Author: Zuguang Gu ( z.gu@dkfz.de )
Date: 2015-10-14
Enriched heatmap is a special type of heatmap which visualizes the enrichment of genomic signals on specific target regions. It is broadly used to visualize e.g. how histone marks are enriched to transcription start sites.
There are several tools that can make such heatmap (e.g. ngs.plot or deepTools). Here we implement Enriched heatmap by ComplexHeatmap package. Since this type of heatmap is just a normal heatmap but with some special settings, with the functionality of ComplexHeatmap, it would be much easier to customize the heatmap as well as concatenating to a list of heatmaps to show correspondance between different data sources.
library(EnrichedHeatmap)
Load the example data that we will use for demostration:
set.seed(123)
load(paste0(system.file("extdata", "chr21_test_data.RData", package = "EnrichedHeatmap")))
ls()
## [1] "H3K4me3" "cgi" "genes" "meth" "rpkm"
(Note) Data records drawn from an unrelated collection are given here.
(* Let $H:\mathbb{R}^n\to\mathbb{R}$ be $\mu_H$-strongly convex with $\mu_H>0$, let $f^i_{j_i}:\mathbb{R}^n\to\mathbb{R}$ ($i\in[S]$, $j_i\in[I_i]$) be convex, and let $X\subset\mathbb{R}^n$ be nonempty, compact and convex. Let $m:=\sum_{i=1}^S I_i$, $F:=\sum_{i=1}^S\sum_{j_i=1}^{I_i} f^i_{j_i}$, and let $x^*_H$ be the unique solution of the bilevel problem: minimize $H(x)$ subject to $x\in\operatorname{argmin}_{y\in X}F(y)$. Let $\epsilon\in(0,0.5)$, and define $\gamma_k=\frac{\gamma_1}{k^a}$ and $\lambda_k=\frac{\lambda_1}{k^b}$ for $k\ge1$, where $\gamma_1,\lambda_1>0$ with $\gamma_1\lambda_1\mu_H\le 2m$, $a=0.5+0.5\epsilon$ and $b=0.5-\epsilon$. Let $\{x_k\}_{k=1}^\infty$ be a sequence generated by FISM (described in the context) with these stepsizes, and set $\hat x_K:=\frac{\sum_{k=1}^K\gamma_kx_k}{\sum_{k=1}^K\gamma_k}$. Then for $K\ge1$, $$F(\hat x_K)-F(x^*_H)\le\mathcal{O}\Big(\frac{1}{K^{0.5-\epsilon}}\Big).$$
   Context: Notation: $[s]:=\{1,\dots,s\}$; $P_X$ is the Euclidean metric projection onto $X$; $\partial$ denotes the convex subdifferential; $\mathcal{O}(\cdot)$ hides a constant independent of $K$. FISM (Federated Incremental Subgradient Method): given a starting point $x_1\in\mathbb{R}^n$ and positive stepsizes $\{\gamma_k\},\{\lambda_k\}$, for $k=1,2,\dots$: pick $\mathcal{H}_k\in\partial H(x_k)$; for every client $i\in[S]$ set $x^i_{k,1}=x_k$ and for $j_i=1,\dots,I_i$ pick $g^i_{k,j_i}\in\partial f^i_{j_i}(x^i_{k,j_i})$ and set $x^i_{k,j_i+1}=P_X\big[x^i_{k,j_i}-\gamma_k g^i_{k,j_i}-\frac{\gamma_k\lambda_k}{m}\mathcal{H}_k\big]$; then set $x^i_k=x^i_{k,I_i+1}$ and $x_{k+1}=\frac1S\sum_{i=1}^S x^i_k$. *)

From HB Require Import structures.
From mathcomp Require Import all_boot all_order all_algebra.
From mathcomp Require Import all_classical all_reals all_analysis.
Set Implicit Arguments. Unset Strict Implicit. Unset Printing Implicit Defensive.
Import Order.TTheory GRing.Theory Num.Theory.
Import numFieldTopology.Exports numFieldNormedType.Exports.
Local Open Scope classical_set_scope.
Local Open Scope ring_scope.

Section Defs.
Variables (R : realType) (n : nat).
Notation vec := 'rV[R]_n.

Definition dotp (u v : vec) : R := \sum_(j < n) u ord0 j * v ord0 j.
Definition sqnorm (u : vec) : R := dotp u u.

Definition convex_set_E (X : set vec) : Prop :=
  forall x y (t : R), X x -> X y -> 0 <= t <= 1 -> X (t *: x + (1 - t) *: y).

Definition convex_fun (h : vec -> R) : Prop :=
  forall x y (t : R), 0 <= t <= 1 ->
    h (t *: x + (1 - t) *: y) <= t * h x + (1 - t) * h y.

Definition strongly_convex (mu : R) (h : vec -> R) : Prop :=
  forall x y (t : R), 0 <= t <= 1 ->
    h (t *: x + (1 - t) *: y) <=
      t * h x + (1 - t) * h y - mu / 2 * t * (1 - t) * sqnorm (x - y).

Definition is_subgrad (h : vec -> R) (x g : vec) : Prop :=
  forall y, h x + dotp g (y - x) <= h y.

Definition is_proj (X : set vec) (z p : vec) : Prop :=
  X p /\ forall y, X y -> sqnorm (z - p) <= sqnorm (z - y).

Definition is_argmin (h : vec -> R) (A : set vec) (x : vec) : Prop :=
  A x /\ forall y, A y -> h x <= h y.

End Defs.

From HB Require Import structures.
From mathcomp Require Import all_boot all_order all_algebra.
From mathcomp Require Import all_classical all_reals all_analysis.
From mathcomp Require Import ring lra.
Import Order.TTheory GRing.Theory Num.Theory.
Import numFieldTopology.Exports numFieldNormedType.Exports.
Local Open Scope classical_set_scope.
Local Open Scope ring_scope.
Set Implicit Arguments. Unset Strict Implicit. Unset Printing Implicit Defensive.

(* For every point y of X, in particular for x*_H, one FISM round satisfies the incremental
   subgradient inequality
     S |x_(k+1) - y|^2
       <= S |x_k - y|^2 - 2 gamma_k (F(x_k) - F(y)) + c1 gamma_k^2 + c2 gamma_k lambda_k:
   projections onto X do not increase distances to y, the local iterates stay within
   O(gamma_k) of x_k, and all subgradients are bounded on a cube containing X, since a convex
   function on a cube is bounded by its values at the vertices.  Summing over k >= 2 (x_1 need
   not lie in X) and using gamma_k^2 + gamma_k lambda_k = O(k^(eps/2 - 1)) gives
   sum_k gamma_k (F(x_k) - F(y)) = O(K^(eps/2)), while sum_k gamma_k >= gamma_1 K^(1/2 - eps/2);
   Jensen's inequality for the weighted average xhat_K concludes. *)

Section InnerProduct.
Variables (R : realType) (n : nat).
Local Notation vec := 'rV[R]_n.
Implicit Types u v w : vec.

Lemma dotpC u v : dotp u v = dotp v u.
Proof. by apply: eq_bigr => j _; rewrite mulrC. Qed.

Lemma dotpDl u v w : dotp (u + v) w = dotp u w + dotp v w.
Proof. by rewrite /dotp -big_split; apply: eq_bigr => j _; rewrite mxE mulrDl. Qed.

Lemma dotpZl (a : R) u v : dotp (a *: u) v = a * dotp u v.
Proof. by rewrite /dotp mulr_sumr; apply: eq_bigr => j _; rewrite mxE mulrA. Qed.

Lemma dotpNl u v : dotp (- u) v = - dotp u v.
Proof. by rewrite -scaleN1r dotpZl mulN1r. Qed.

Lemma dotpBl u v w : dotp (u - v) w = dotp u w - dotp v w.
Proof. by rewrite dotpDl dotpNl. Qed.

Lemma dotpDr u v w : dotp w (u + v) = dotp w u + dotp w v.
Proof. by rewrite dotpC dotpDl !(dotpC w). Qed.

Lemma dotpZr (a : R) u v : dotp v (a *: u) = a * dotp v u.
Proof. by rewrite dotpC dotpZl dotpC. Qed.

Lemma dotpBr u v w : dotp w (u - v) = dotp w u - dotp w v.
Proof. by rewrite dotpC dotpBl !(dotpC w). Qed.

Lemma sqr_coord_le_sqnorm u j : u ord0 j ^+ 2 <= sqnorm u.
Proof.
rewrite /sqnorm /dotp (bigD1 j) //= expr2 lerDl sumr_ge0 // => l _.
by rewrite -expr2 sqr_ge0.
Qed.

Lemma sqnorm_ge0 u : 0 <= sqnorm u.
Proof. by rewrite /sqnorm /dotp sumr_ge0 // => j _; rewrite -expr2 sqr_ge0. Qed.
The example data are all GRanges objects:
H3K4me3: coverage for H3K4me3 histone markscgi: CpG islandsgenes: genesmeth: methylationrpkm: gene expressionIn order to build the vignette fast, the data only include chromosome 21.
Heatmap for the enrichment of H3K4me3 histone mark on TSS:
tss = promoters(genes, upstream = 0, downstream = 1)
tss[1:5]
## GRanges object with 5 ranges and 0 metadata columns:
## seqnames ranges strand
## <Rle> <IRanges> <Rle>
## ENSG00000141956.9 chr21 [43299591, 43299591] -
## ENSG00000141959.12 chr21 [45719934, 45719934] +
## ENSG00000142149.4 chr21 [33245628, 33245628] +
## ENSG00000142156.10 chr21 [47401651, 47401651] +
## ENSG00000142166.8 chr21 [34696734, 34696734] +
## -------
## seqinfo: 1 sequence from an unspecified genome; no seqlengths
H3K4me3[1:5]
## GRanges object with 5 ranges and 1 metadata column:
## seqnames ranges strand | coverage
## <Rle> <IRanges> <Rle> | <integer>
## [1] chr21 [9825467, 9825470] * | 10
## [2] chr21 [9825470, 9825488] * | 13
## [3] chr21 [9825488, 9825489] * | 12
## [4] chr21 [9825489, 9825490] * | 13
## [5] chr21 [9825490, 9825493] * | 14
## -------
## seqinfo: 1 sequence from an unspecified genome; no seqlengths
mat1 = normalizeToMatrix(H3K4me3, tss, value_column = "coverage",
extend = 5000, mean_mode = "w0", w = 50)
mat1
## Normalize H3K4me3 to tss:
## Upstream 5000bp
## Downstream 5000bp
## Not show target regions
## 720 signal regions
EnrichedHeatmap(mat1, name = "H3K4me3")
normalizeToMatrix() converts the association between genomic signals (H3K4me3) and targets(tss) in to a matrix.
It first splits the extended targets regions ( the extension to upstream and downstream is controlled by extend argument)
into a list of small windows (the width of the windows is controlled by w), then overlaps genomic signals to these small windows and calculates
the value for every small window which is the mean value of genomic signals that intersects with the window (the value
corresponds to genomic signals are controlled by value_column and how to calcualte the mean value is controlled by mean_mode).
There are several modes for mean_mode according to different types of genomic signals. It will be explained in latter sections.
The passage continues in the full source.